A single subanesthetic dose of ketamine significantly increased reward responsiveness in individuals with treatment-resistant depression (TRD) and stressed rats, bringing their responses to levels comparable with healthy controls 24 hours post-administration. The effect was particularly pronounced in humans with higher baseline anhedonia. However, ketamine did not affect overall task performance, indicating it specifically enhanced reward learning rather than general discriminability.

Study at a glance

Design comparative study
Sample size 70
Population individuals with treatment-resistant depression and stressed rats
Key finding Ketamine significantly increased reward responsiveness in both humans with TRD and rats exposed to chronic stress.

Abstract

Ketamine is increasingly used as a therapeutic option for treatment-resistant depression (TRD) due to its rapid antidepressant properties; however, the mechanisms underlying these effects remain elusive.
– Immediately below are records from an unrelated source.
Lemma is_derive_eq {V : NormedModule R_AbsRing} (f : R -> V) x d1 d2 :
  is_derive f x d1 -> d1 = d2 -> is_derive f x d2.
Proof. now intros H <-. Qed.

Lemma is_derive_Re (f : R -> C) x df :
  is_derive f x df -> is_derive (fun t => Re (f t)) x (Re df).
Proof.
  intro H. eapply filterdiff_ext_lin.
  - exact (filterdiff_comp f fst _ _ H (filterdiff_linear _ is_linear_fst)).
  - reflexivity.
Qed.

Lemma is_derive_Im (f : R -> C) x df :
  is_derive f x df -> is_derive (fun t => Im (f t)) x (Im df).
Proof.
  intro H. eapply filterdiff_ext_lin.
  - exact (filterdiff_comp f snd _ _ H (filterdiff_linear _ is_linear_snd)).
  - reflexivity.
Qed.

Lemma is_derive_C_Re_Im (f : R -> C) x dre dim :
  is_derive (fun t => Re (f t)) x dre -> is_derive (fun t => Im (f t)) x dim ->
  is_derive f x (dre, dim).
Proof.
  intros Hre Him.
  apply (filterdiff_ext (fun t => (Re (f t), Im (f t)))).
  { intro t. now destruct (f t). }
  eapply filterdiff_ext_lin.
  - apply (filterdiff_comp_2 _ _ pair _ _ pair Hre Him).
    apply filterdiff_linear, is_linear_prod; [apply is_linear_fst | apply is_linear_snd].
  - reflexivity.
Qed.

Lemma is_derive_Cconst (c : C) x : is_derive (fun _ : R => c) x (RtoC 0).
Proof. exact (is_derive_const (K := R_AbsRing) c x). Qed.

Lemma is_derive_Cplus (f g : R -> C) x df dg :
  is_derive f x df -> is_derive g x dg -> is_derive (fun t => f t + g t) x (df + dg).
Proof. exact (is_derive_plus f g x df dg). Qed.

Lemma is_derive_Cminus (f g : R -> C) x df dg :
  is_derive f x df -> is_derive g x dg -> is_derive (fun t => f t - g t) x (df - dg).
Proof. exact (is_derive_minus f g x df dg). Qed.

Lemma is_derive_Copp (f : R -> C) x df :
  is_derive f x df -> is_derive (fun t => - f t) x (- df).
Proof. exact (is_derive_opp f x df). Qed.

Lemma is_derive_Cmult (f g : R -> C) x df dg :
  is_derive f x df -> is_derive g x dg ->
  is_derive (fun t => f t * g t) x (df * g x + f x * dg).
Proof.
  intros Hf Hg.
  pose proof (is_derive_Re f x df Hf) as Hf1. pose proof (is_derive_Im f x df Hf) as Hf2.
  pose proof (is_derive_Re g x dg Hg) as Hg1. pose proof (is_derive_Im g x dg Hg) as Hg2.
  eapply is_derive_eq.
  - apply is_derive_C_Re_Im.
    + exact (is_derive_minus _ _ x _ _ (is_derive_mult _ _ x _ _ Hf1 Hg1 Rmult_comm)
                                       (is_derive_mult _ _ x _ _ Hf2 Hg2 Rmult_comm)).
    + exact (is_derive_plus _ _ x _ _ (is_derive_mult _ _ x _ _ Hf1 Hg2 Rmult_comm)
                                      (is_derive_mult _ _ x _ _ Hf2 Hg1 Rmult_comm)).
  - apply C_ext; unfold Re, Im; simpl; unfold minus, plus, opp, mult; simpl; ring.
Qed.

Lemma is_derive_Cconj (f : R -> C) x df :
  is_derive f x df -> is_derive (fun t => Cconj (f t)) x (Cconj df).
Proof.
  intro Hf. apply is_derive_C_Re_Im.
  - exact (is_derive_Re f x df Hf).
  - exact (is_derive_opp _ x _ (is_derive_Im f x df Hf)).
Qed.

Lemma is_derive_RtoC (g : R -> R) x dg :
  is_derive g x dg -> is_derive (fun t => RtoC (g t)) x (RtoC dg).
Proof.
  intro Hg. apply is_derive_C_Re_Im; [exact Hg |].
  exact (is_derive_const (V := R_NormedModule) 0%R x).
Qed.

(* Unconditional, because both [Rinv 0] and [Cinv 0] are [0]. *)
Lemma RtoC_Rinv (r : R) : RtoC (/ r) = / RtoC r.
Proof.
  destruct (Req_dec r 0) as [-> | Hr].
  - apply C_ext; unfold Cinv, RtoC, Re, Im; simpl; rewrite ?Rinv_0; unfold Rdiv; ring.
  - exact (RtoC_inv r Hr).
Qed.

Lemma is_derive_Cdiv_RtoC (f : R -> C) (g : R -> R) x df dg :
  is_derive f x df -> is_derive g x dg -> g x <> 0%R ->
  is_derive (fun t => f t / RtoC (g t)) x
    ((df * RtoC (g x) - f x * RtoC dg) / (RtoC (g x) * RtoC (g x))).
Proof.
  intros Hf Hg Hx.
  assert (HxC : RtoC (g x) <> 0) by (intro E; apply Hx; now injection E).
  eapply is_derive_eq.
  - apply (is_derive_Cmult f (fun t => / RtoC (g t))); [exact Hf |].
    apply (is_derive_ext (fun t => RtoC (/ g t))); [intro t; apply RtoC_Rinv |].
    exact (is_derive_RtoC _ x _ (is_derive_inv g x dg Hg Hx)).
  - rewrite RtoC_div, RtoC_opp, RtoC_pow by (apply pow_nonzero; exact Hx).
    simpl. as_eq C. field. exact HxC.
Qed.

(* Also true at [r = 0], where both sides are Stdlib's junk value [ln 0 = 0]. *)
Lemma ln_Rabs_pow2 (r : R) : ln (Rabs r) = (ln (r ^ 2) / 2)%R.
Proof.
  destruct (Req_dec r 0) as [-> | Hr].
  - rewrite Rabs_R0, pow_i by lia. unfold ln. destruct (Rlt_dec 0 0); [exfalso; lra | field].
  - rewrite <- pow2_abs, ln_pow by (apply Rabs_pos_lt, Hr). cbn [INR]. field.
Qed.

Lemma is_derive_ln_Rabs (g : R -> R) x dg :
  is_derive g x dg -> g x <> 0%R -> is_derive (fun t => ln (Rabs (g t))) x (dg / g x)%R.
Proof.
  intros Hg Hx.
  apply (is_derive_ext (fun t => ln (g t ^ 2) / 2)%R); [intro t; symmetry; apply ln_Rabs_pow2 |].
  eapply is_derive_eq.
  - apply (is_derive_div (fun t => ln (g t ^ 2)%R) (fun _ => 2%R)).
    + apply (is_derive_comp ln (fun t => g t ^ 2)%R); [| exact (is_derive_pow g 2 x dg Hg)].
      apply is_derive_ln, pow2_gt_0, Hx.
    + apply (is_derive_const (V := R_NormedModule)).
    + lra.
  - unfold scal, zero; simpl; unfold mult; simpl. field. exact Hx.
Qed.

Lemma is_derive_ln_Cmod_RtoC_div (g : R -> R) (c : C) x dg :
  is_derive g x dg -> g x <> 0%R -> c <> 0 ->
  is_derive (fun t => ln (Cmod (RtoC (g t) / c))) x (dg / g x)%R.
Proof.
  intros Hg Hx Hc.
  assert (Hmc : Cmod c <> 0%R) by (intro E; apply Hc, Cmod_eq_0, E).
  apply (is_derive_ext (fun t => ln (Rabs (g t / Cmod c)))).
  { intro t. now rewrite Cmod_div, Cmod_R, Rabs_div, (Rabs_pos_eq (Cmod c))
      by (apply Cmod_ge_0 || exact Hmc || exact Hc). }
  eapply is_derive_eq.
  - apply (is_derive_ln_Rabs (fun t => g t / Cmod c)%R).
    + apply (is_derive_div g (fun _ => Cmod c)); [exact Hg | | exact Hmc].
      apply (is_derive_const (V := R_NormedModule)).
    + unfold Rdiv. apply Rmult_integral_contrapositive_currified; [exact Hx |].
      apply Rinv_neq_0_compat, Hmc.
  - unfold zero; simpl. as_eq R. field. split; assumption.
Qed.

Ltac derive_C_leaf :=
  match goal with H : forall (_ : Z) (_ : R), is_derive _ _ _ |- _ => exact (H _ _) end.

Ltac derive_C :=
  try (first
    [ match goal with
      | |- is_derive (fun _ => ?c) _ _ => apply (is_derive_Cconst c)
      | |- is_derive (fun t => @?f t / RtoC (@?g t)) _ _ => apply (is_derive_Cdiv_RtoC f g)
      | |- is_derive (fun t => @?f t - @?g t) _ _ => apply (is_derive_Cminus f g)
      | |- is_derive (fun t => @?f t + @?g t) _ _ => apply (is_derive_Cplus f g)
      | |- is_derive (fun t => - @?f t) _ _ => apply (is_derive_Copp f)
      | |- is_derive (fun t => @?f t * @?g t) _ _ => apply (is_derive_Cmult f g)
      | |- is_derive (fun t => Cconj (@?f t)) _ _ => apply (is_derive_Cconj f)
      | |- is_derive (fun t => RtoC (@?f t)) _ _ => apply (is_derive_RtoC f)
      end
    | derive_C_leaf ];
    derive_C).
Preclinical evidence suggests ketamine acts on neural pathways implicated in reward processing, but translational efforts have proven challenging due to a lack of paradigms allowing for analogous assessment of depressive phenotypes across species. We investigated the effects of a single, subanesthetic dose of ketamine on reward responsiveness in individuals with TRD (0.5 mg/kg) and rats exposed to chronic stress (10 mg/kg) using functionally identical tasks. Humans completed the Probabilistic Reward Task (PRT) twice within 48 hours, either without intervention (healthy control [HC] participants, n = 36, 26 women) or 24 hours before and after ketamine administration (individuals with TRD, n = 24, 16 women). Rats (all male) completed a reverse-translated version of the PRT on 3 consecutive days (HC group, n = 10) or before and after chronic stress exposure as well as 2 hours and 24 hours after ketamine administration (experimental group, n = 10). Ketamine significantly increased response bias toward the more frequently rewarded stimulus in both species, resulting in levels comparable with HCs 24 hours postadministration. Exploratory analyses in humans suggested that this effect was strongest among individuals with more pronounced baseline anhedonia. Furthermore, in both species, ketamine had no effect on measures of discriminability, suggesting that ketamine selectively improved reward learning rather than overall task performance. Results highlight a shared behavioral mechanism through which ketamine alleviates anhedonic behaviors and offers important implications for the treatment of people with anhedonia in TRD and related psychopathologies.